Let transition_crude : eps * n <= 1 ->
  exp (- b 0 * xi / eps) * Rabs (tau_exp eps (b 0) (b xi) h H)
    <= (2 + 3 * bmax + Cl) * (R2 * eps ^ 2 * n).
Proof.
  intros Hen.
  pose proof (Hb 0 ltac:(lra)). pose proof (b_bounds xi ltac:(lra)). pose proof inv_H_le.
  pose proof exp_b0_xi. pose proof exp_b0_xi_h. pose proof exp_b0_xi_lip.
  set (E := exp (- b 0 * xi / eps)) in *.
  assert (HE : 0 < E) by apply exp_pos.
  assert (HHinv : 0 < / H) by (apply Rinv_0_lt_compat; lra).
  assert (HR : 0 <= R2 * eps ^ 2) by (pose proof (pow2_ge_0 eps); nra).
  pose proof (tau_exp_crude_bound eps (b 0) (b xi) h H bmax ltac:(lra) ltac:(lra) ltac:(lra) H1).
  apply Rle_trans with (E * (2 * eps / H ^ 2 + 2 * b 0 * exp (b 0 * h / eps) / H + bmax / H
                             + b 0 / eps * Rabs (b xi - b 0))).
  { apply Rmult_le_compat_l; lra. }
  assert (T1 : E * (2 * eps / H ^ 2) <= 2 * (R2 * eps ^ 2) * n).
  { replace (E * (2 * eps / H ^ 2)) with (2 * E * (eps * / H) * / H) by (field; lra).
    assert (eps * / H <= 1) by (apply Rle_trans with (eps * n); [apply Rmult_le_compat_l|]; lra).
    assert (0 <= eps * / H) by (apply Rmult_le_pos; lra).
    apply Rmult_le_compat; [nra|lra| |lra].
    replace (2 * (R2 * eps ^ 2)) with (2 * (R2 * eps ^ 2) * 1) by ring.
    apply Rmult_le_compat; nra. }
  assert (T2 : E * (2 * b 0 * exp (b 0 * h / eps) / H) <= 2 * bmax * (R2 * eps ^ 2) * n).
  { replace (E * (2 * b 0 * exp (b 0 * h / eps) / H))
      with (2 * b 0 * (E * exp (b 0 * h / eps)) * / H) by (field; lra).
    pose proof (exp_pos (b 0 * h / eps)).
    apply Rmult_le_compat; [|lra| |lra]; [apply Rmult_le_pos; nra|].
    apply Rmult_le_compat; nra. }
  assert (T3 : E * (bmax / H) <= bmax * (R2 * eps ^ 2) * n).
  { replace (E * (bmax / H)) with (bmax * E * / H) by (field; lra).
    apply Rmult_le_compat; [nra|lra| |lra]. apply Rmult_le_compat_l; lra. }
  assert (T4 : E * (b 0 / eps * Rabs (b xi - b 0)) <= Cl * (R2 * eps ^ 2) * n).
  { assert (0 <= Cl * (R2 * eps ^ 2)).
    { apply Rle_trans with (b 0 / eps * Rabs (b xi - b 0) * E); [|lra].
      apply Rmult_le_pos; [apply Rmult_le_pos; [apply Rdiv_le_0_compat|apply Rabs_pos]|]; lra. }
    rewrite Rmult_comm. nra. }
  rewrite !Rmult_plus_distr_l. lra.
Qed.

--- Exercise prompt ---
Your answer must be the line containing "apply Rmult_le_compat; [|lra|" and each line after it in the listing above, copied exactly.

--- Exercise result ---
    apply Rmult_le_compat; [|lra| |lra]; [apply Rmult_le_pos; nra|].
    apply Rmult_le_compat; nra. }
  assert (T3 : E * (bmax / H) <= bmax * (R2 * eps ^ 2) * n).
  { replace (E * (bmax / H)) with (bmax * E * / H) by (field; lra).
    apply Rmult_le_compat; [nra|lra| |lra]. apply Rmult_le_compat_l; lra. }
  assert (T4 : E * (b 0 / eps * Rabs (b xi - b 0)) <= Cl * (R2 * eps ^ 2) * n).
  { assert (0 <= Cl * (R2 * eps ^ 2)).
    { apply Rle_trans with (b 0 / eps * Rabs (b xi - b 0) * E); [|lra].
      apply Rmult_le_pos; [apply Rmult_le_pos; [apply Rdiv_le_0_compat|apply Rabs_pos]|]; lra. }
    rewrite Rmult_comm. nra. }
  rewrite !Rmult_plus_distr_l. lra.
Qed.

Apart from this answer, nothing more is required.